Saremo costretti a porre domande che vanno oltre: i governi, e l’Unione Europea, che dovrebbero salvaguardare i cittadini, prendono decisioni che ritengono essere sinceramente le migliori? Per noi oggi e per i nostri figli domani? Oppure prendono decisioni che ritengono essere più popolari, confortanti, corroboranti, esaltanti oggi le loro posizioni, e domani la loro rielezione?
La comunità scientifica è divisa! Ma anche la ricerca scientifica ha bisogno di denaro.
Quindi c’è competizione e concorrenza anche qui e cercare finanziamenti è un mestiere diverso da quello del ricercatore: occorrono qualità, estro, diplomazia, istinto, talento, eloquenza, senso politico, forza di seduzione.
Se poi la corsa al finanziamento deve rinnovarsi più volte in un anno, a discapito del cuore della professione dei gruppi di ricercatori, senza difficoltà ci si immagina che l’etica potrebbe anche evaporare.
È facile concludere il ragionamento con la sintesi classica e squalificante, guardando alla provenienza dei fondi; non è mai unica, ma anche un pugno di dollari, iniettato da alcuni in un budget importante, potrebbe essere sufficiente a rendere il tutto molto sospetto o non degno di interesse.

Noi sogniamo una ricerca scientifica il cui finanziamento sia figlio della cura e della premura per il genere umano.
Quello che ci aspettiamo è una certa umanità, che irrighi e illumini in profondità il nostro desiderio di fare bene, ecco quindi quello che chiediamo ai governi e all’Unione, e alle singole persone che operano in quei contesti: la dimostrazione della loro umanità. E la capacità di dire “no” a ciò che va contro il bene comune.

L’intero processo all’interno del quale si attua la ricerca scientifica è importante per il dibattito pubblico, perché conduce ad una riflessione profonda sulle vulnerabilità della società mondiale, intesa come la somma dell’ambiente fisico, dei suoi abitanti e delle loro prospettive per l’avvenire.
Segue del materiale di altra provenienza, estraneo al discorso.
(* Assume $q \in U_0$ and, for each $i\in\{1,2\}$, $q\bmod n_i$ is a quadratic residue modulo $n_i$. Let $\omega_{(0,0,0)}$ denote the minimum odd-like weight of the cyclic code over $\mathrm{GF}(q)$ of length $n$ with generator polynomial $u_0(x)d_0^{(n_1)}(x)d_0^{(n_2)}(x)$. For $j\in\{1,2\}$ let $\omega_1^{(n/n_j)}$ denote the minimum odd-like weight of the cyclic code of length $n$ over $\mathrm{GF}(q)$ with generator polynomial $(x^n-1)/\big((x-1)d_1^{(n_j)}(x)\big)$. Then $$\omega_{(0,0,0)} \ge \sqrt{\max\big(\omega_1^{(n/n_1)},\ \omega_1^{(n/n_2)}\big)}.$$
   Context: Let $n_1,n_2$ be distinct odd primes, $n=n_1n_2$, and let $q$ be a prime power with $\gcd(q,n)=1$. Let $d=\gcd(n_1-1,n_2-1)$ and $e=(n_1-1)(n_2-1)/d$. Let $g_1,g_2$ be primitive roots modulo $n_1,n_2$ respectively, let $g$ be the integer modulo $n$ with $g\equiv g_1 \pmod{n_1}$, $g\equiv g_2\pmod{n_2}$, and let $\nu$ be the integer modulo $n$ with $\nu\equiv g\pmod{n_1}$, $\nu\equiv 1\pmod{n_2}$. It is known that every element of $\mathbb{Z}_n^*$ can be written uniquely as $g^s\nu^i$ with $0\le s\le e-1$, $0\le i\le d-1$. Define $U_0=\{g^s\nu^i: 0\le s\le e-1,\ 0\le i \le d-1,\ i \text{ even}\}$ and $U_1=\{g^s\nu^i: i \text{ odd}\}$ (same ranges). For $j\in\{1,2\}$ let $D_0^{(n_j)}$, $D_1^{(n_j)}$ be the sets of quadratic residues and nonresidues modulo $n_j$. Let $N=\mathrm{ord}_n(q)$ and $\theta$ a primitive $n$-th root of unity in $\mathrm{GF}(q^N)$. Define $d_i^{(n_1)}(x)=\prod_{j\in D_i^{(n_1)}}(x-\theta^{n_2 j})$, $d_i^{(n_2)}(x)=\prod_{j\in D_i^{(n_2)}}(x-\theta^{n_1 j})$, and $u_j(x)=\prod_{i\in U_j}(x-\theta^i)$; under the hypotheses these lie in $\mathrm{GF}(q)[x]$. Cyclic codes of length $n$ are identified with ideals of $\mathrm{GF}(q)[x]/(x^n-1)$. A codeword $(c_0,\dots,c_{n-1})$ is odd-like if $\sum_i c_i\neq 0$; the minimum odd-like weight of a code is the minimum Hamming weight of its odd-like codewords. *)

From HB Require Import structures.
From mathcomp Require Import all_boot all_order all_algebra all_field.
Set Implicit Arguments. Unset Strict Implicit. Unset Printing Implicit Defensive.
Import GRing.Theory.
Definition orthonormal (T : finType) (e : T -> T -> Cx) :=
  forall k k', ip (e k) (e k') = (k == k')%:R.

Definition complete (T : finType) (e : T -> T -> Cx) :=
  forall x x', \sum_k e k x * conjc (e k x') = (x == x')%:R.

Section SpectralSum.
Variables (I : finType) (M : op R I) (d : I -> Cx) (e : I -> I -> Cx).
Hypothesis M_e : forall x x', M x x' = \sum_k d k * e k x * conjc (e k x').

Lemma qform_spectral_sum f : qform M f = \sum_k d k * ip f (e k) * ip (e k) f.
Proof.
rewrite /qform /cconj /ip.
transitivity (\sum_x \sum_x' \sum_k conjc (f x) * (d k * e k x * conjc (e k x')) * f x').
  by apply: eq_bigr => x _; apply: eq_bigr => x' _; rewrite M_e big_distrr big_distrl.
under eq_bigr do rewrite exchange_big.
rewrite exchange_big; apply: eq_bigr => k _.
rewrite [d k * _]big_distrr big_distrl; apply: eq_bigr => x _.
rewrite big_distrr; apply: eq_bigr => x' _ /=; ring.
Qed.

Hypothesis e_on : orthonormal e.

Lemma qform_eigvec k : qform M (e k) = d k.
Proof.
rewrite qform_spectral_sum (bigD1 k) //= !e_on eqxx !mulr1 big1 ?addr0 // => j nj.
by rewrite !e_on (negbTE nj) mulr0.
Qed.

Lemma trace_spectral_sum : trace M = \sum_k d k.
Proof.
rewrite /trace; under eq_bigr do rewrite M_e.
rewrite exchange_big; apply: eq_bigr => k _.
transitivity (d k * ip (e k) (e k)); last by rewrite e_on eqxx mulr1.
rewrite /ip mulr_sumr; apply: eq_bigr => x _; ring.
Qed.

End SpectralSum.

End Operators.

Section Spectrum.
Variable R : realType.
Local Notation Cx := (complex R).
Local Open Scope sesquilinear_scope.

Lemma char_poly_similar (F : comUnitRingType) n (P A : 'M[F]_n) : P \in unitmx ->
  char_poly (invmx P *m A *m P) = char_poly A.
Proof.
move=> P_unit; rewrite /char_poly /char_poly_mx.
have PVP : map_mx polyC (invmx P) *m map_mx polyC P = 1%:M.
  by rewrite -map_mxM mulVmx // map_mx1.
have -> : 'X%:M - map_mx polyC (invmx P *m A *m P) =
    map_mx polyC (invmx P) *m ('X%:M - map_mx polyC A) *m map_mx polyC P.
  by rewrite mulmxBr mulmxBl !map_mxM mul_mx_scalar -scalemxAl PVP scalemx1.
set a := map_mx _ (invmx P); set b := map_mx _ P; set c := _ - _.
by rewrite (det_mulmx (a *m c) b) (det_mulmx a c) mulrAC -det_mulmx PVP det1 mul1r.
Qed.

(* Block elimination of [[X, A], [B, 1]] in two ways. *)
Lemma char_poly_mulmxC (F : comNzRingType) p q (A : 'M[F]_(p, q)) (B : 'M[F]_(q, p)) :
  'X^q * char_poly (A *m B) = 'X^p * char_poly (B *m A).
Proof.
rewrite /char_poly /char_poly_mx !map_mxM.
set a := map_mx polyC A; set b := map_mx polyC B.
pose M := block_mx ('X%:M : 'M_p) a b (1%:M : 'M_q).
have M_ur : block_mx 1%:M (-a) 0 1%:M *m M = block_mx ('X%:M - a *m b) 0 b 1%:M.
  by rewrite mulmx_block !mul1mx !mul0mx !add0r mulmx1 mulNmx addrN.
have M_ll : block_mx 1%:M 0 (-b) 'X%:M *m M = block_mx 'X%:M a 0 ('X%:M - b *m a).
  rewrite mulmx_block !mul1mx !mul0mx !addr0 mulmx1 mulNmx.
  by rewrite mul_mx_scalar mul_scalar_mx addNr mulNmx addrC.
have D1 := congr1 determinant M_ur; have D2 := congr1 determinant M_ll.
rewrite det_mulmx det_ublock !det1 mul1r det_lblock det1 mulr1 in D1.
rewrite det_mulmx det_lblock det1 mul1r det_ublock !det_scalar in D2.
by rewrite -D1 mul1r.
Qed.

Lemma char_poly_trmx (F : comNzRingType) n (A : 'M[F]_n) : char_poly A^T = char_poly A.
Proof.
rewrite /char_poly /char_poly_mx -det_tr; congr determinant.
by apply/matrixP => i j; rewrite !mxE eq_sym.
Qed.

Lemma mx_ofE (I : finType) (M : op R I) x y :
  mx_of M (enum_rank x) (enum_rank y) = M x y.
Proof. by rewrite mxE !enum_rankK. Qed.

Lemma char_poly_spectrum (I : finType) (M : op R I) :
  char_poly (mx_of M) = \prod_(z <- spectrum M) ('X - z%:P).
Proof. exact/eqP/(xchooseP (char_poly_splits M)). Qed.

Lemma vN_entropy_char_polyX (I J : finType) (M : op R I) (N : op R J) m n :
  'X^m * char_poly (mx_of M) = 'X^n * char_poly (mx_of N) ->
  vN_entropy M = vN_entropy N.
Proof.
have prodX k : 'X^k = \prod_(z <- nseq k (0 : Cx)) ('X - z%:P).
  by rewrite big_nseq subr0 iter_mulr_1.
have sum0 k : \sum_(z <- nseq k (0 : Cx)) xlnx (complex.Re z) = 0.
  by rewrite big1_seq // => z /andP[_]; rewrite mem_nseq => /andP[_ /eqP ->]; rewrite /xlnx eqxx.
rewrite !char_poly_spectrum !prodX -!big_cat => /prod_XsubC_eq spec_perm.
rewrite /vN_entropy; congr (- _).
by rewrite -(add0r (\sum_(z <- spectrum M) _)) -{1}(sum0 m) -big_cat (perm_big _ spec_perm)
  big_cat /= sum0 add0r.
Qed.

Lemma vN_entropy_similar_diag (I : finType) (M : op R I) (P : 'M[Cx]_#|I|) d :
  P \in unitmx -> mx_of M = invmx P *m diag_mx d *m P ->
  vN_entropy M = - \sum_i xlnx (complex.Re (d 0 i)).
Proof.
move=> P_unit M_diag.
have spec_perm : perm_eq (spectrum M) [seq d 0 i | i <- enum 'I_#|I|].
  apply: prod_XsubC_eq; rewrite -char_poly_spectrum M_diag char_poly_similar //.
  rewrite char_poly_trig ?diag_mx_is_trig // big_map big_enum /=.
  by apply: eq_bigr => i _; rewrite mxE eqxx mulr1n.
by rewrite /vN_entropy (perm_big _ spec_perm) big_map big_enum.
Qed.

Lemma herm_mx_of (I : finType) (M : op R I) : psd M -> (mx_of M)^t* = mx_of M.
Proof.
by move=> M_psd; apply/matrixP => i j; rewrite !mxE conjCE (psd_herm (enum_val j) _ M_psd).
Qed.
(* Let $X$ be a compact subset of $\mathbb{C}^2$, let $m,n$ be positive integers, and let $\pi:\mathbb{C}^2\to\mathbb{C}^2$ be defined by $\pi(z,w)=(z^m,w^n)$. Suppose $\pi^{-1}(X)=\bigcup_{1\le k\le m,\,1\le l\le n}X_{kl}$, where $X_{11}$ is compact and $$X_{kl}=\Big\{\Big(e^{2\pi i(k-1)/m}z,\; e^{2\pi i(l-1)/n}w\Big): (z,w)\in X_{11}\Big\}\quad (1\le k\le m,\ 1\le l\le n).$$ If $R(\pi^{-1}(X))=C(\pi^{-1}(X))$, then $R(X)=C(X)$.
   Context: For a compact set $K\subset\mathbb{C}^2$: $C(K)$ is the algebra of continuous complex-valued functions on $K$ with the sup norm, and $R(K)$ is the closure in $C(K)$ of the rational functions with poles off $K$. *)

From HB Require Import structures.
From mathcomp Require Import all_boot all_order all_algebra.
From mathcomp Require Import all_classical all_reals all_analysis.
From mathcomp Require Import complex.
Import numFieldNormedType.Exports.
Import Order.TTheory GRing.Theory Num.Theory.
Local Open Scope ring_scope.
Local Open Scope classical_set_scope.

Set Implicit Arguments.
Unset Strict Implicit.
Unset Printing Implicit Defensive.

Definition Cx (R : realType) := (R[i])^o.
Definition C2 (R : realType) := (Cx R * Cx R)%type.

(* Evaluation of a polynomial in two variables (z,w):
   p = sum_j p_j(z) w^j with p : {poly {poly C}}. *)
Definition ev2 (R : realType) (p : {poly {poly R[i]}}) (x : C2 R) : R[i] :=
  (p.[(x.2 : R[i])%:P]).[x.1 : R[i]].

Definition inC (R : realType) (K : set (C2 R)) (f : C2 R -> Cx R) : Prop :=
  {within K, continuous f}.

Definition inRat (R : realType) (K : set (C2 R)) (f : C2 R -> Cx R) : Prop :=
  forall e : R, 0 < e ->
    exists p q : {poly {poly R[i]}},
      (forall x, K x -> ev2 q x != 0) /\
      (forall x, K x -> `|(f x : R[i]) - ev2 p x / ev2 q x| < (e%:C)%C).

Definition R_eq_C (R : realType) (K : set (C2 R)) : Prop :=
  forall f : C2 R -> Cx R, inRat K f <-> inC K f.

Definition expi (R : realType) (t : R) : R[i] := Complex (cos t) (sin t).

Definition unity_rt (R : realType) (m j : nat) : R[i] :=
  expi ((2 * pi * j%:R / m%:R) : R).

Definition powmap (R : realType) (m n : nat) (x : C2 R) : C2 R :=
  (((x.1 : R[i]) ^+ m : Cx R), ((x.2 : R[i]) ^+ n : Cx R)).

(* X_{kl} for k,l starting at 1: here k = k'+1, l = l'+1 with k' : 'I_m. *)
Definition rot_set (R : realType) (m n : nat) (k l : nat) (X11 : set (C2 R))
  : set (C2 R) :=
  [set x | exists2 y, X11 y &
     x = ((unity_rt R m k * (y.1 : R[i]) : Cx R),
          (unity_rt R n l * (y.2 : R[i]) : Cx R))].

From HB Require Import structures.
From mathcomp Require Import all_boot all_order all_algebra.
From mathcomp Require Import all_classical all_reals all_analysis.
From mathcomp Require Import complex.
From mathcomp Require Import ring lra.
Import numFieldNormedType.Exports.
Import Order.TTheory GRing.Theory Num.Theory.
Local Open Scope ring_scope.
Local Open Scope classical_set_scope.

Set Implicit Arguments.
Unset Strict Implicit.
Unset Printing Implicit Defensive.

(** Let G be the group of pairs (u, v) of m-th and n-th roots of unity, acting
    on C^2 by (z, w) |-> (u z, v w).  The map pi is G-invariant and onto, so
    pi^-1(X) is a union of G-orbits.  Rational functions are continuous, hence
    R(X) is always contained in C(X).  Conversely, given f in C(X), approximate
    f o pi on pi^-1(X) by p/q and average p/q over G.  The average is a quotient
    of G-invariant polynomials, and by the character sums of the roots of unity
    a G-invariant polynomial only involves the monomials z^(m i) w^(n j), i.e.
    it is P o pi for a polynomial P.  The average thus descends to a rational
    function on X, which is close to f because every term of the average is. *)

Section UnityRoot.
Variable R : realType.
(* Let $\mathbb S$ be the stack monad over a finite set $\Gamma=\{\gamma_1,\dots,\gamma_n\}$ and let $\mathbb T$ be a finitary monad on $\mathbf{Set}$. Then the tensor product $\mathbb S\otimes\mathbb T$ is isomorphic to the monad $\mathbb R$ where $RX$ consists of those $p:\Gamma^*\to T(X\times\Gamma^* )$ for which there is $m$ such that $p(su)=\big(\mathsf{do}\ \langle x,s'\rangle\leftarrow p(s);\ \eta\langle x,s'u\rangle\big)$ for all $s,u\in\Gamma^*$ with $|s|\ge m$, and whose unit and Kleisli extension are those of the store monad transform of $\mathbb T$ with store $\Gamma^*$ (i.e. $\mathbb R$ is a submonad of that transform).
   Context: The stack monad over $\Gamma$: $SX$ is the set of maps $\langle r,t\rangle:\Gamma^*\to X\times\Gamma^*$ such that for some $k$, $r(wu)=r(w)$ and $t(wu)=t(w)u$ for all $w\in\Gamma^k$, $u\in\Gamma^*$; its algebraic theory (the stack theory) has operations $pop$ of arity $n+1$ and unary $push_i$ ($1\le i\le n$) with axioms $push_i(pop(x_1,\dots,x_n,y))=x_i$, $pop(push_1(x),\dots,push_n(x),x)=x$, $pop(x_1,\dots,x_n,pop(y_1,\dots,y_n,z))=pop(x_1,\dots,x_n,z)$. For a monad $\mathbb T$ and set $S$, the store monad transform $\mathbb T_S$ has $T_SX=T(X\times S)^S$, unit $\eta(x)(s)=\eta^{\mathbb T}(x,s)$ and Kleisli extension $f^\dagger(p)(s)=\mathsf{do}\ \langle x,s'\rangle\leftarrow p(s);\ f(x)(s')$, where $\mathsf{do}\ y\leftarrow q;\ g(y)$ denotes $g^\dagger(q)$. Finitary monads correspond to algebraic theories. The tensor product $\mathcal E_1\otimes\mathcal E_2$ of algebraic theories is the theory generated by the operations and equations of both plus, for every $f:n\to1$ of $\mathcal E_1$ and $g:m\to1$ of $\mathcal E_2$, the tensor law $f(g(x_1^1,\dots,x_m^1),\dots,g(x_1^n,\dots,x_m^n))=g(f(x_1^1,\dots,x_1^n),\dots,f(x_m^1,\dots,x_m^n))$; the tensor of finitary monads is the monad of the tensor of their theories. *)

From mathcomp Require Import all_boot.
From Stdlib Require Import IndefiniteDescription.
Set Implicit Arguments. Unset Strict Implicit. Unset Printing Implicit Defensive.

Definition monad_laws (T : Type -> Type) (retT : forall X, X -> T X)
    (bindT : forall X Y, (X -> T Y) -> T X -> T Y) : Prop :=
  (forall X Y (f : X -> T Y) (x : X), bindT X Y f (retT X x) = f x) /\
  (forall X (t : T X), bindT X X (retT X) t = t) /\
  (forall X Y Z (f : X -> T Y) (g : Y -> T Z) (t : T X),
      bindT Y Z g (bindT X Y f t) = bindT X Z (fun x => bindT Y Z g (f x)) t).

(* Finitary: every element of T X lies in the image of T f for some
   f : {0..n-1} -> X (equivalently, of T of a finite subset of X). *)
Definition finitary (T : Type -> Type) (retT : forall X, X -> T X)
    (bindT : forall X Y, (X -> T Y) -> T X -> T Y) : Prop :=
  forall X (t : T X), exists n (f : 'I_n -> X) (t' : T 'I_n),
    bindT 'I_n X (fun i => retT X (f i)) t' = t.

Section Tensor.
Variable Gam : finType.
Variable T : Type -> Type.
Variable retT : forall X, X -> T X.
Variable bindT : forall X Y, (X -> T Y) -> T X -> T Y.

(* Terms over the combined signature of the stack theory (pop of arity |Gam|+1,
   push_g unary) and the canonical theory of T (n-ary operations = T 'I_n). *)
Inductive term (X : Type) : Type :=
| Var of X
| Pop of (Gam -> term X) & term X
| Push of Gam & term X
| Op (n : nat) of T 'I_n & ('I_n -> term X).

Arguments Var {X}. Arguments Pop {X}. Arguments Push {X}. Arguments Op {X n}.

Fixpoint subst X Y (f : X -> term Y) (t : term X) : term Y :=
  match t with
  | Var x => f x
  | Pop xs z => Pop (fun g => subst f (xs g)) (subst f z)
  | Push g z => Push g (subst f z)
  | Op n o ts => Op o (fun i => subst f (ts i))
  end.

Fixpoint stack_only X (t : term X) : Prop :=
  match t with
  | Var _ => True
  | Pop xs z => (forall g, stack_only (xs g)) /\ stack_only z
  | Push _ z => stack_only z
  | Op _ _ _ => False
  end.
Uomini e donne non sono separati dalla terra: visti da un altro pianeta faremmo parte del panorama, come una delle tante specie che lo popolano.
La soluzione secondo noi può essere progettata rivedendo le tassonomie dei bisogni che abbiamo in testa: abbiamo bisogno di salute, prima che di profitti. E questo vale tanto per la produzione di agenti chimici, quanto per la produzione di armi, tanto per il controllo delle rotte di transito delle scorie nocive, quanto per il controllo delle rotte di smercio degli stupefacenti.
Ognuno, tutti i giorni, può fare progredire la causa ecologica e la causa della salute del genere umano.

Sempre ieri – sia detto fra parentesi - il presidente francese tuonava da Boulogne – Billancourt, a proposito della sfida climatica, dicendo che “Stiamo perdendo la battaglia, non possiamo sbagliare.”[3] Facile accusarlo di usare un tono apocalittico.
La questione, come dicevo già la settimana scorsa, non è ecologica: è prima di tutto antropologica.
Non bisogna più votare candidati che pretendano di favorire la crescita economica, lasciando il mercato disporre del nostro avvenire e della nostra salute. Mille volte meglio sarebbe una decrescita felice, per quanto ingenua e poco sofisticata possa sembrare, se può salvaguardare la salute del genere umano.
Il cambiamento personale del modo di vedere il problema è al cuore della questione, ed è tanto più urgente per il politico che aspira a rappresentare gli interessi dei cittadini. In questo consiste la sua specifica responsabilità.
Qualche dubbio sorge sull’esatta comprensione di questa responsabilità da parte della nostra politica, se un ministro italiano al One Planet Summit di Parigi si esprime dicendo che la sfida sul clima è “un’occasione per l’economia”.